» **Exercise**
As the answer, set down the lines below from the one containing "Lemma near_val k" through the one containing "(conj_poly P) /\", exactly and inclusively, and no others.

» **Provided records**
◇ ◇ ◇ ◇ ◇
Lemma typeD_of_slices (u P J s0 g0 : 'M[F]_n) (c c' : 'I_n) :
  \det u = 1 -> P \in unitmx -> u = P *m J *m invmx P -> c' = c.+1 :> nat ->
  \det g0 = 1 -> s0 = g0 *m J *m invmx g0 ->
  unitri J -> unitri s0 -> J c c' = 1 -> s0 c c' = 0 ->
  J *m s0 *m J *m s0 != s0 *m J *m s0 *m J -> typeD (conj_classSL u).
Proof.
move=> det_u uP uJ cc' det_g0 s0J triJ tris0 Jcc' s0cc' noncomm.
pose s := P *m s0 *m invmx P.
have bc_u : base_change P u = J by rewrite uJ base_change_conj.
have bc_s : base_change P s = s0 by rewrite base_change_conj.
have ug0 := unitmx_SL det_g0.
have sO : s \in conj_classSL u.
  have -> : s = rop (P *m g0 *m invmx P) u.
    rewrite /rop /s s0J uJ !invmxM ?unitmx_mul ?unitmx_inv ?uP ?ug0 // invmxK.
    by rewrite !mulmxA !mulmxKV // !mulmxK.
  by apply: mem_class_conj; rewrite !det_mulmx det_inv det_g0 mulr1 mulrV -?unitmxE.
have uO := mem_class_self u.
have u1 : u \in slice u P c c' 1 by rewrite !inE uO bc_u triJ Jcc' eqxx.
have s0' : s \in slice u P c c' 0 by rewrite !inE sO bc_s tris0 s0cc' eqxx.
exists (slice u P c c' 1 :|: slice u P c c' 0), (slice u P c c' 1), (slice u P c c' 0).
split.
- by apply/subsetP => x; rewrite inE => /orP[] /slice_class /andP[].
- exact: slice_decomposition u1 s0'.
exists u, s; split=> //.
rewrite rop_braid ?(class_unit det_u uO) ?(class_unit det_u sO) //.
apply: contra noncomm => /eqP braid.
by rewrite -bc_u -bc_s -!base_changeM // braid.
Qed.

End TypeDCriterion.

Lemma perm_mx_conj (R : comUnitRingType) n (t : 'S_n) (A : 'M[R]_n) :
  perm_mx t *m A *m invmx (perm_mx t) = \matrix_(i, j) A (t i) (t j).
Proof.
have -> : invmx (perm_mx t : 'M[R]_n) = perm_mx t^-1.
  have tV : perm_mx t *m perm_mx t^-1 = 1%:M :> 'M[R]_n.
    by rewrite -perm_mxM mulgV perm_mx1.
  by rewrite -[LHS]mulmx1 -tV mulmxA mulVmx ?unitmx_perm // mul1mx.
by rewrite -row_permE -col_permE; apply/matrixP => i j; rewrite !mxE.
Qed.

Section FourByFour.
Variable R : nzRingType.

(* The windows of width 4 at p of the Jordan matrix and of its conjugate s0 by
   cyc3: Jw = 1 + E01 + E12 and Sw = 1 + E01 + E23. *)
Definition Jw : 'M[R]_4 := \matrix_(a < 4, b < 4) (jordan_cond 3 a b)%:R.
Definition Sw : 'M[R]_4 := \matrix_(a < 4, b < 4) (jordan_cond 3 (cyc3 0 a) (cyc3 0 b))%:R.

(* Row vectors of length 4, to compute the first row of products step by step. *)
Definition row4 (a b c d : R) : 'rV[R]_4 := \row_(j < 4) [:: a; b; c; d]`_j.

Lemma row4_mulJw a b c d : row4 a b c d *m Jw = row4 a (a + b) (b + c) d.
Proof.
apply/rowP => j; rewrite !mxE !big_ord_recr big_ord0 /= !mxE.
by case: j => [[|[|[|[|]]]] ?] //=; rewrite !(mulr1, mulr0, add0r, addr0).
Qed.

Lemma row4_mulSw a b c d : row4 a b c d *m Sw = row4 a (a + b) c (c + d).
Proof.
apply/rowP => j; rewrite !mxE !big_ord_recr big_ord0 /= !mxE.
by case: j => [[|[|[|[|]]]] ?] //=; rewrite !(mulr1, mulr0, add0r, addr0).
Qed.

Lemma row0_Jw : row 0 Jw = row4 1 1 0 0.
Proof. by apply/rowP => j; rewrite !mxE; case: j => [[|[|[|[|]]]] ?]. Qed.

Lemma row0_Sw : row 0 Sw = row4 1 1 0 0.
Proof. by apply/rowP => j; rewrite !mxE; case: j => [[|[|[|[|]]]] ?]. Qed.

(* Counting paths from 0 to 3: (Jw Sw Jw Sw) 0 3 = 2 but (Sw Jw Sw Jw) 0 3 = 1. *)
Lemma window_noncomm : (Jw *m Sw *m Jw *m Sw) 0 3 != (Sw *m Jw *m Sw *m Jw) 0 3.
Proof.
have entry (M : 'M[R]_4) : M 0 3 = row 0 M 0 3 by rewrite mxE.
rewrite 2!entry !row_mul row0_Jw row0_Sw !(row4_mulJw, row4_mulSw) !mxE /=.
by rewrite !(addr0, add0r) -subr_eq0 addrK oner_eq0.
Qed.

End FourByFour.

Lemma val_tperm n (x y z : 'I_n) :
  val (tperm x y z) = if val z == val x then val y else if val z == val y then val x else val z.
Proof.
case: tpermP => [->|->|zx zy]; rewrite !(inj_eq val_inj) ?eqxx //.
  by case: eqP => [->|].
by rewrite (introF eqP zx) (introF eqP zy).
Qed.

Section Witness.
Variables (F : finFieldType) (n : nat) (lam : seq nat) (p : nat).
Hypotheses (sum_lam : sumn lam = n) (iso : isolated_boundary lam p).
Local Notation J := (jordan_unip F n lam).

Lemma room : (p + 4 < n)%N.
Proof. by case: iso; rewrite sum_lam; lia. Qed.

Lemma jordan_entry_near (i j : 'I_n) a b : (b <= 4)%N ->
  i = (p + a)%N :> nat -> j = (p + b)%N :> nat -> J i j = (jordan_cond 3 a b)%:R.
Proof.
move=> b4 ei ej; rewrite mxE ei ej /jordan_cond eqn_add2l -addnS eqn_add2l.
case: (boolP (b == a.+1)) => //= /eqP ba.
by rewrite iso.2 ?eqn_add2l //; lia.
Qed.

Lemma near_proof k : (k <= 4)%N -> (p + k < n)%N.
Proof. by move=> k4; apply: leq_ltn_trans room; rewrite leq_add2l. Qed.

Definition near k (k4 : (k <= 4)%N) : 'I_n := Ordinal (near_proof k4).

Lemma near_val k (k4 : (k <= 4)%N) : val (near k4) = (p + k)%N.
Proof. by []. Qed.
Lemma crit_vals_01_P6 : crit_vals_01 P6.
Proof.
have root01 z : z \in [:: 0; 1] -> P6.[z] = 0.
  move=> z01; apply/rootP; rewrite root_P6.
  by move: z01; rewrite !inE => /orP[]->; rewrite ?orbT.
move=> w; split.
  case=> z [+ <-]; rewrite root_deriv_P6 !inE => /orP[|/orP[|/orP[|/orP[]]]] /eqP->;
  by [right; rewrite P6_p6 | left; apply: root01; rewrite !inE eqxx ?orbT].
case=> ->; [exists 0; split; last exact: root01 (mem_head _ _) |
            exists p6; split; last exact: P6_p6].
  by rewrite root_deriv_P6 mem_head.
by rewrite root_deriv_P6 !inE eqxx /= !orbT.
Qed.

Theorem mainTheorem3 :
  (forall (n : nat) (P : {poly C}),
      (n = 3%N \/ n = 4%N) -> size P = n.+1 -> crit_vals_01 P ->
      ext_equiv P (cheb_half n) \/
      (exists m r : nat, (1 <= m)%N /\ (1 <= r)%N /\ (m + r)%N = n /\
                         ext_equiv P (belyi m r))) /\
  (exists P : {poly C},
      size P = 7%N /\ crit_vals_01 P /\
      ~ ext_equiv P (conj_poly P) /\
      (forall Q : {poly C}, real_poly Q -> ~ ext_equiv P Q)).
Proof.
split.
  move=> n P n34 sizeP crit; right.
  have [m [r [m1 r1 mr PE]]] := crit_vals_01_deg34_belyi n34 sizeP crit.
  by exists m, r.
exists P6; split; first exact: size_P6.
split; first exact: crit_vals_01_P6.
split; first exact: not_ext_equiv_conj_P6.
by move=> Q QR /(ext_equiv_conj_of_real QR); apply: not_ext_equiv_conj_P6.
Qed.
Lemma cmom_sup_ge p m1 m2 : S p -> cmom p m1 m2 <= F m1 m2.
Proof. exact: sup_image_ge (cmom_bounded _ _). Qed.

Lemma cmom_inf_le p m1 m2 : S p -> G m1 m2 <= cmom p m1 m2.
Proof. exact: inf_image_le (cmom_bounded _ _). Qed.

Lemma cmom_sup_shiftl a m1 b B : (forall p, S p -> (m1 - a) * (y p - b) <= B) ->
  F a b <= F m1 b + B.
Proof.
move=> hB; apply: (sup_image_leD S0 (cmom_bounded _ _)) => p Sp.
by rewrite (cmom_shiftl p m1) lerD2l hB.
Qed.

Lemma cmom_sup_shiftr a b m2 B : (forall p, S p -> (m2 - b) * (x p - a) <= B) ->
  F a b <= F a m2 + B.
Proof.
move=> hB; apply: (sup_image_leD S0 (cmom_bounded _ _)) => p Sp.
by rewrite (cmom_shiftr p a m2) lerD2l hB.
Qed.

Lemma cmom_inf_shiftl a m1 b B : (forall p, S p -> (m1 - a) * (y p - b) <= B) ->
  G a b <= G m1 b + B.
Proof.
move=> hB; apply: (inf_image_leD S0 (cmom_bounded _ _)) => p Sp.
by rewrite (cmom_shiftl p m1) lerD2l hB.
Qed.

Lemma cmom_inf_shiftr a b m2 B : (forall p, S p -> (m2 - b) * (x p - a) <= B) ->
  G a b <= G a m2 + B.
Proof.
move=> hB; apply: (inf_image_leD S0 (cmom_bounded _ _)) => p Sp.
by rewrite (cmom_shiftr p a m2) lerD2l hB.
Qed.

Local Open Scope ereal_scope.

Lemma ucov_env_near a b s t : MX a -> MY b ->
  (forall m, MX m -> `|m - a| <= s)%R -> (forall m, MY m -> `|m - b| <= t)%R ->
  (F a b - s * t)%:E <= Cu <= (F a b + s * t)%:E.
Proof.
move=> aX bY sX tY; apply/andP; split.
  apply: (le_ereal_sup_inf bY) => m1 m1X; rewrite lee_fin lerBlDr.
  apply: cmom_sup_shiftl => p Sp.
  by apply: le_mul_of_norm_le; [exact: sX | exact/tY/mean_in_itvY].
apply: ereal_sup_inf_le => m2 m2Y; exists a => //; rewrite lee_fin.
apply: cmom_sup_shiftr => p Sp; rewrite mulrC.
by apply: le_mul_of_norm_le; [exact/sX/mean_in_itvX | rewrite distrC; exact: tY].
Qed.

Lemma lcov_env_near a b s t : MX a -> MY b ->
  (forall m, MX m -> `|m - a| <= s)%R -> (forall m, MY m -> `|m - b| <= t)%R ->
  (G a b - s * t)%:E <= Cl <= (G a b + s * t)%:E.
Proof.
move=> aX bY sX tY; apply/andP; split.
  apply: le_ereal_inf_sup => m2 m2Y; exists a => //; rewrite lee_fin lerBlDr.
  apply: cmom_inf_shiftr => p Sp; rewrite mulrC.
  by apply: le_mul_of_norm_le; [exact/sX/mean_in_itvX | exact: tY].
apply: (ereal_inf_sup_le bY) => m1 m1X; rewrite lee_fin.
apply: cmom_inf_shiftl => p Sp.
by apply: le_mul_of_norm_le; [rewrite distrC; exact: sX | exact/tY/mean_in_itvY].
Qed.

Lemma ucov_env_le_concordant a b : (a, b) = (uX, uY) \/ (a, b) = (lX, lY) ->
  Cu <= (F a b)%:E.
Proof.
move=> ab; apply: ereal_sup_inf_le => m2 /andP[lm2 m2u]; exists a.
  by case: ab => -[-> _]; rewrite /= lexx le_lXuX.
rewrite lee_fin -[F a b]addr0; apply: cmom_sup_shiftr => p /mean_in_itvX/andP[lx xu].
by case: ab => -[-> ->]; nra.
Qed.

Lemma lcov_env_le_concordant a b : (a, b) = (uX, uY) \/ (a, b) = (lX, lY) ->
  Cl <= (G a b)%:E.
Proof.
move=> ab; have bY : MY b by case: ab => -[_ ->]; rewrite /= lexx le_lYuY.
apply: (ereal_inf_sup_le bY) => m1 /andP[lm1 m1u].
rewrite lee_fin -[G a b]addr0; apply: cmom_inf_shiftl => p /mean_in_itvY/andP[ly yu].
by case: ab => -[-> ->]; nra.
Qed.

Lemma cov_le_ucov_env p : S p -> (c p - x p * y p)%:E <= Cu.
Proof.
move=> Sp; apply: (le_ereal_sup_inf (mean_in_itvY Sp)) => m1 _.
by rewrite lee_fin -(cmom_mean p m1) cmom_sup_ge.
Qed.

Lemma lcov_env_le_cov p : S p -> Cl <= (c p - x p * y p)%:E.
Proof.
move=> Sp; apply: (ereal_inf_sup_le (mean_in_itvY Sp)) => m1 _.
by rewrite lee_fin -(cmom_mean p m1) cmom_inf_le.
Qed.

Lemma ucov_env_fin_num : Cu \is a fin_num.
Proof.
have [p Sp] := S0; apply: fin_num_between; apply/andP; split.
  exact: cov_le_ucov_env Sp.
by apply: ucov_env_le_concordant; left.
Qed.

Lemma lcov_env_fin_num : Cl \is a fin_num.
Proof.
have [p Sp] := S0; have uX_X : MX uX by rewrite /= lexx le_lXuX.
have uY_Y : MY uY by rewrite /= lexx le_lYuY.
have /andP[lo _] := lcov_env_near uX_X uY_Y (fun _ => itv_dist_le uX_X)
                                            (fun _ => itv_dist_le uY_Y).
apply: fin_num_between; apply/andP; split; first exact: lo.
exact: lcov_env_le_cov Sp.
Qed.

Local Notation D := ((uX - lX) * (uY - lY))%R.
Local Notation rX := ((uX + lX) / 2)%R.
Local Notation rY := ((uY + lY) / 2)%R.
Local Notation Mu := (corner_max lX uX lY uY).
Local Notation Ml := (corner_min lX uX lY uY).

Lemma cov_env_box a b : MX a -> MY b ->
  Cu - D%:E <= (F a b)%:E <= Cu + D%:E /\ Cl - D%:E <= (G a b)%:E <= Cl + D%:E.
Proof.
move=> aX bY; have dX m : MX m -> (`|m - a| <= uX - lX)%R by exact: itv_dist_le.
have dY m : MY m -> (`|m - b| <= uY - lY)%R by exact: itv_dist_le.
have /andP[Fl Fu] := ucov_env_near aX bY dX dY.
have /andP[Gl Gu] := lcov_env_near aX bY dX dY.
rewrite -(fineK ucov_env_fin_num) in Fl Fu *.
rewrite -(fineK lcov_env_fin_num) in Gl Gu *.
rewrite !lee_fin in Fl Fu Gl Gu; rewrite -!EFinB -!EFinD !lee_fin.
by split; apply/andP; split; lra.
Qed.

Lemma cov_env_concordant a b : (a, b) = (uX, uY) \/ (a, b) = (lX, lY) ->
  Cu <= (F a b)%:E <= Cu + D%:E /\ Cl <= (G a b)%:E <= Cl + D%:E.
Proof.
move=> ab; have [aX bY] : MX a /\ MY b.
  by case: ab => -[-> ->]; rewrite /= !lexx le_lXuX le_lYuY.
have [/andP[_ Fu] /andP[_ Gu]] := cov_env_box aX bY.
by rewrite ucov_env_le_concordant // lcov_env_le_concordant // Fu Gu.
Qed.

Lemma cov_env_midpoint :
  (F rX rY)%:E - (D / 4)%:E <= Cu <= (F rX rY)%:E + (D / 4)%:E /\
  (G rX rY)%:E - (D / 4)%:E <= Cl <= (G rX rY)%:E + (D / 4)%:E.
Proof.
have dX m : MX m -> (`|m - rX| <= (uX - lX) / 2)%R by exact: itv_dist_mid_le.
have dY m : MY m -> (`|m - rY| <= (uY - lY) / 2)%R by exact: itv_dist_mid_le.
have := ucov_env_near (mid_in_itv le_lXuX) (mid_in_itv le_lYuY) dX dY.
have := lcov_env_near (mid_in_itv le_lXuX) (mid_in_itv le_lYuY) dX dY.
have -> : ((uX - lX) / 2 * ((uY - lY) / 2) = D / 4)%R by field.
by rewrite -!EFinB -!EFinD; split.
Qed.

Lemma cov_env_gap : 0 <= Cu - Cl <= (F rX rY)%:E + (- G rX rY)%:E + (D / 2)%:E.
Proof.
have [p Sp] := S0; have [/andP[_ Fu] /andP[Gl _]] := cov_env_midpoint.
have covU := cov_le_ucov_env Sp; have covL := lcov_env_le_cov Sp.
rewrite -(fineK ucov_env_fin_num) in Fu covU *.
rewrite -(fineK lcov_env_fin_num) in Gl covL *.
rewrite -!EFinB -!EFinD !lee_fin in Fu covU Gl covL *.
by apply/andP; split; lra.
Qed.

Lemma ucov_env_product : Cu + Ml%:E <= (F 0 0)%:E <= Cu + Mu%:E.
Proof.
rewrite -(fineK ucov_env_fin_num) -!EFinD !lee_fin; apply/andP; split.
  rewrite -lerBrDr -lee_fin fineK ?ucov_env_fin_num //.
  apply: ereal_sup_inf_le => m2 m2Y.
  have [m1 m1X recentred] := recentred_product_corner_bounds le_lXuX m2Y.
  exists m1 => //; rewrite lee_fin; apply: (sup_image_le S0) => p Sp.
  have /andP[+ _] := recentred _ _ (mean_in_itvX Sp) (mean_in_itvY Sp).
  by have := cmom_sup_ge 0 0 Sp; rewrite !cmomE; lra.
apply: (sup_image_le S0) => p Sp; rewrite cmomE !subr0.
have := cov_le_ucov_env Sp; rewrite -(fineK ucov_env_fin_num) lee_fin.
by have := le_corner_max (mean_in_itvX Sp) (mean_in_itvY Sp); lra.
Qed.

Lemma lcov_env_product : Cl + Ml%:E <= (G 0 0)%:E <= Cl + Mu%:E.
Proof.
rewrite -(fineK lcov_env_fin_num) -!EFinD !lee_fin; apply/andP; split.
  apply: (inf_image_ge S0) => p Sp; rewrite cmomE !subr0.
  have := lcov_env_le_cov Sp; rewrite -(fineK lcov_env_fin_num) lee_fin.
  by have := ge_corner_min (mean_in_itvX Sp) (mean_in_itvY Sp); lra.
rewrite -lerBlDr -lee_fin fineK ?lcov_env_fin_num //.
apply: le_ereal_inf_sup => m2 m2Y.
have [m1 m1X recentred] := recentred_product_corner_bounds le_lXuX m2Y.
exists m1 => //; rewrite lee_fin; apply: (inf_image_ge S0) => p Sp.
have /andP[_ +] := recentred _ _ (mean_in_itvX Sp) (mean_in_itvY Sp).
by have := cmom_inf_le 0 0 Sp; rewrite !cmomE; lra.
Qed.

End moment_envelopes.

(** * Moments of square-integrable variables *)

Section expectation_moments.
Context d (T : measurableType d) (R : realType) (P : probability T R).
Local Open Scope ereal_scope.

Lemma expectation_fineE (Z : T -> R) : Z \in Lfun P 1 -> 'E_P[Z] = (fine 'E_P[Z])%:E.
Proof. by move=> Z1; rewrite fineK // expectation_fin_num. Qed.

Lemma expectationN (Z : T -> R) : Z \in Lfun P 1 ->
  'E_P[(fun w => - Z w)%R] = - 'E_P[Z].
Proof.
move=> Z1; rewrite -mulN1e -EFinN -expectationZl //; congr expectation.
by apply/funext => w; rewrite /= mulrN1.
Qed.

Lemma fine_expectationD (f g : T -> R) : f \in Lfun P 1 -> g \in Lfun P 1 ->
  fine 'E_P[f \+ g] = (fine 'E_P[f] + fine 'E_P[g])%R.
Proof. by move=> f1 g1; rewrite expectationD // fineD // expectation_fin_num. Qed.

Lemma Lfun1_dominated (f g : T -> R) : measurable_fun setT f -> g \in Lfun P 1 ->
  (forall w, `|f w| <= g w)%R -> f \in Lfun P 1.
Proof.
move=> mf /Lfun1_integrable g1 fg; apply/Lfun1_integrable.
apply: (le_integrable measurableT _ _ g1); first exact/measurable_EFinP.
by move=> w _ /=; rewrite lee_fin (le_trans (fg w)) ?ler_norm.
Qed.

Lemma abs_fine_expectation_le (f g : T -> R) : f \in Lfun P 1 -> g \in Lfun P 1 ->
  (forall w, `|f w| <= g w)%R -> (`|fine 'E_P[f]| <= fine 'E_P[g])%R.
Proof.
move=> f1 g1 fg.
have gBf : 0 <= 'E_P[g \- f].
  by apply: expectation_ge0 => w /=; have := fg w; rewrite ler_norml => /andP[]; lra.
have gDf : 0 <= 'E_P[g \+ f].
  by apply: expectation_ge0 => w /=; have := fg w; rewrite ler_norml => /andP[]; lra.
rewrite expectationB // in gBf; rewrite expectationD // in gDf.
rewrite (expectation_fineE f1) (expectation_fineE g1) -EFinB -EFinD !lee_fin in gBf gDf.
by rewrite ler_norml; apply/andP; split; lra.
Qed.

Section square_integrable.
Variable Z : T -> R.
Hypotheses (mZ : measurable_fun setT Z) (Z2 : 'E_P[(fun w => Z w ^+ 2)%R] < +oo).

Lemma Lfun1_sqr : (fun w => Z w ^+ 2)%R \in Lfun P 1.
Proof.
apply/Lfun1_integrable/integrableP; split.
  by apply/measurable_EFinP; exact: measurable_funX.
under eq_integral => w _ do rewrite /= ger0_norm ?sqr_ge0 //.
by move: Z2; rewrite unlock.
Qed.

Lemma Lfun1_1Dsqr : (cst 1 \+ (fun w => Z w ^+ 2))%R \in Lfun P 1.
Proof. by rewrite rpredD ?Lfun_cst ?Lfun1_sqr. Qed.

Lemma Lfun1_of_sqr : Z \in Lfun P 1.
Proof. by apply: (Lfun1_dominated mZ Lfun1_1Dsqr) => w; exact: ler_norm_1Dsqr. Qed.

Lemma abs_fine_expectation_le_1Dsqr :
  (`|fine 'E_P[Z]| <= 1 + fine 'E_P[(fun w => Z w ^+ 2)%R])%R.
Proof.
have -> : (1 + fine 'E_P[(fun w => Z w ^+ 2)%R] = fine 'E_P[cst 1 \+ (fun w => Z w ^+ 2)])%R.
  by rewrite fine_expectationD ?Lfun_cst ?Lfun1_sqr // expectation_cst.
by apply: abs_fine_expectation_le Lfun1_of_sqr Lfun1_1Dsqr _ => w; exact: ler_norm_1Dsqr.
Qed.

End square_integrable.

Variables (X Y : T -> R).
Hypotheses (mX : measurable_fun setT X) (mY : measurable_fun setT Y).
Hypotheses (X2 : 'E_P[(fun w => X w ^+ 2)%R] < +oo)
           (Y2 : 'E_P[(fun w => Y w ^+ 2)%R] < +oo).

Let sqrD_Lfun1 : ((fun w => X w ^+ 2) \+ (fun w => Y w ^+ 2))%R \in Lfun P 1.
Proof. by rewrite rpredD ?Lfun1_sqr. Qed.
◇ ◇ ◇ ◇ ◇
» **Finished exercise**
Lemma near_val k (k4 : (k <= 4)%N) : val (near k4) = (p + k)%N.
Proof. by []. Qed.
Lemma crit_vals_01_P6 : crit_vals_01 P6.
Proof.
have root01 z : z \in [:: 0; 1] -> P6.[z] = 0.
  move=> z01; apply/rootP; rewrite root_P6.
  by move: z01; rewrite !inE => /orP[]->; rewrite ?orbT.
move=> w; split.
  case=> z [+ <-]; rewrite root_deriv_P6 !inE => /orP[|/orP[|/orP[|/orP[]]]] /eqP->;
  by [right; rewrite P6_p6 | left; apply: root01; rewrite !inE eqxx ?orbT].
case=> ->; [exists 0; split; last exact: root01 (mem_head _ _) |
            exists p6; split; last exact: P6_p6].
  by rewrite root_deriv_P6 mem_head.
by rewrite root_deriv_P6 !inE eqxx /= !orbT.
Qed.

Theorem mainTheorem3 :
  (forall (n : nat) (P : {poly C}),
      (n = 3%N \/ n = 4%N) -> size P = n.+1 -> crit_vals_01 P ->
      ext_equiv P (cheb_half n) \/
      (exists m r : nat, (1 <= m)%N /\ (1 <= r)%N /\ (m + r)%N = n /\
                         ext_equiv P (belyi m r))) /\
  (exists P : {poly C},
      size P = 7%N /\ crit_vals_01 P /\
      ~ ext_equiv P (conj_poly P) /\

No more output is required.